Targeting better margins

ABM is not standing still. Since 2021, the company has been executing its "ELEVATE" strategy, aiming to strengthen market leadership and improve operational efficiency through technology, data analytics, and standardized processes. A sensible approach, though not a particularly novel one. More interesting to me is the acquisition strategy. For several years now, ABM has been targeting higher-margin technical niches. In 2022, it acquired RavenVolt, a provider of microgrids and EV charging infrastructure. In 2024, Quality Uptime Services followed, specializing in uninterruptible power supply maintenance. In early 2026, WGNSTAR was added, a specialist in technical facility solutions for the semiconductor industry. The company sees significant growth potential here. The downside is the debt that has come with this strategy. I don't consider it alarming yet, but leverage should not increase further.

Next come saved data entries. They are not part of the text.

(* Let $\alpha_0\subset\alpha$ meet every orbit of $\tau$ in exactly one element. A section $u=\{u(a)\in R_a\pi\}_{a\in\alpha_0}$ is the restriction to $\alpha_0$ of the self-linking function $u^w$ of some nanoword $w$ over $\alpha$ if and only if it is skew-symmetric, i.e. $\delta_a(u(a))=\partial_a(u(a))=0$ for all $a\in\alpha_0$ and $\partial_a(u(b))+\partial_b(u(a))=0$ for all $a,b\in\alpha_0$.
   Context: Fix a set $\alpha$ with an involution $\tau$. A nanoword over $\alpha$ is a pair $(\mathcal A,w)$ with $\mathcal A$ a finite set with a map $A\mapsto|A|\in\alpha$ and $w$ a word in which each letter of $\mathcal A$ occurs exactly twice. Let $\pi$ be the multiplicative abelian group generated by the elements of $\alpha$ with relations $a\,\tau(a)=1$ ($a\in\alpha$). For $A,B\in\mathcal A$ let $n_w(A,B)=1$ if $w=\cdots A\cdots B\cdots A\cdots B\cdots$, $-1$ if $w=\cdots B\cdots A\cdots B\cdots A\cdots$, and $0$ otherwise; $[A]_w=\prod_{B}|B|^{n_w(A,B)}\in\pi$; $[a]_w=\sum_{A:\,[A]_w\neq1,\,|A|=a}[A]_w\in\mathbb Z\pi$. For $a\in\alpha$ let $R_a=\mathbb Z/2\mathbb Z$ if $\tau(a)=a$ and $R_a=\mathbb Z$ otherwise. The self-linking function of $w$ is $u^w(a)=[a]_w\bmod 2\in R_a\pi$ if $\tau(a)=a$ and $u^w(a)=[a]_w-[\tau(a)]_w\in R_a\pi$ if $\tau(a)\neq a$. A section is any family $u=\{u(a)\in R_a\pi\}_{a\in\alpha_0}$. Every element of $\pi$ is written $\prod_{b\in\alpha_0}b^{m_b}$ with $m_b\in\mathbb Z$ determined uniquely if $\tau(b)\ne b$ and modulo 2 if $\tau(b)=b$. For $a,b\in\alpha_0$ let $R_{a,b}=\mathbb Z$ if $\tau(a)\neq a$ and $\tau(b)\neq b$, and $R_{a,b}=\mathbb Z/2\mathbb Z$ otherwise. Let $\delta_a:R_a\pi\to R_a$ be the additive map sending $1\in\pi$ to $1$ and all other elements of $\pi$ to $0$, and $\partial_b:R_a\pi\to R_{a,b}$ the additive map sending $\prod_{c\in\alpha_0}c^{m_c}$ to $m_b$. *)

From mathcomp Require Import all_boot all_order all_algebra.
Set Implicit Arguments. Unset Strict Implicit. Unset Printing Implicit Defensive.
Import GRing.Theory Num.Theory.
Local Open Scope ring_scope.
Lemma ustep_par (a b : uterm) : ustep a b -> par a b.
Proof. induction 1; econstructor; auto using par_refl. Qed.

Lemma ustar_map_trans (f : uterm -> uterm) :
  (forall a b, ustep a b -> ustep (f a) (f b)) ->
  forall a b c, ustar a b -> ustar (f b) c -> ustar (f a) c.
Proof. intros Hf a b c Hab Hbc. eapply rt_trans; [apply ustar_map|]; eauto. Qed.

Lemma par_ustar (a b : uterm) : par a b -> ustar a b.
Proof.
  pose proof ustar_map_trans as Hc.
  induction 1.
  all: try (apply rt_refl).
  - apply (ustar_map ULam); auto. intros; constructor; auto.
  - apply (Hc (fun x => UApp x b)) with a'; [intros; constructor; auto | auto |].
    apply (ustar_map (UApp a')); auto. intros; constructor; auto.
  - apply (ustar_map USuc); auto. intros; constructor; auto.
  - apply (Hc (fun x => UNrec x b c)) with a'; [intros; constructor; auto | auto |].
    apply (Hc (fun x => UNrec a' x c)) with b'; [intros; constructor; auto | auto |].
    apply (ustar_map (UNrec a' b')); auto. intros; constructor; auto.
  - apply (Hc (fun x => UApp (ULam x) a)) with b'; [intros; do 2 constructor; auto | auto |].
    apply (Hc (UApp (ULam b'))) with a'; [intros; constructor; auto | auto |].
    apply rt_step. constructor.
  - eapply rt_trans; [apply rt_step; constructor | auto].
  - apply (Hc (fun x => UNrec x s (USuc t))) with r'; [intros; constructor; auto | auto |].
    apply (Hc (fun x => UNrec r' x (USuc t))) with s'; [intros; constructor; auto | auto |].
    apply (Hc (fun x => UNrec r' s' (USuc x))) with t'; [intros; do 2 constructor; auto | auto |].
    apply rt_step. constructor.
Qed.

Lemma ustar_confluent (t u1 u2 : uterm) :
  ustar t u1 -> ustar t u2 -> exists w, ustar u1 w /\ ustar u2 w.
Proof.
  assert (Hp : forall a b, ustar a b -> pstar a b).
  { intros a b H. apply clos_rt_rt1n in H.
    induction H; [constructor | econstructor; eauto using ustep_par]. }
  assert (Hs : forall a b, pstar a b -> ustar a b).
  { induction 1; [apply rt_refl | eapply rt_trans; [apply par_ustar; eassumption | assumption]]. }
  intros H1 H2. destruct (pstar_confluent t u1 u2) as [w [Hw1 Hw2]]; auto.
  exists w; auto.
Qed.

Technical services currently account for around 10% of revenue. Cleaning and facilities management, at 47%, remain the foundation. ABM will stay a facilities services company. That doesn't bother me. Even in an increasingly digital world, analog work still needs to get done. Someone has to clean the data centers, maintain the factories, scrub the aircraft cabins. I don't expect dramatic growth. But I do expect steady, continued development.

My thesis plays out if three things happen: office utilization stabilizes at a level ABM can absorb without further volume losses in its core business. The technical niche segments grow their revenue share meaningfully and deliver the margin contribution the strategy promises. And leverage comes down, not up, as cash flows improve.

Anyone buying here won't get a rocket. But they get a company with 45 years of dividend history, a low valuation, and an attractive return potential. That's enough for me.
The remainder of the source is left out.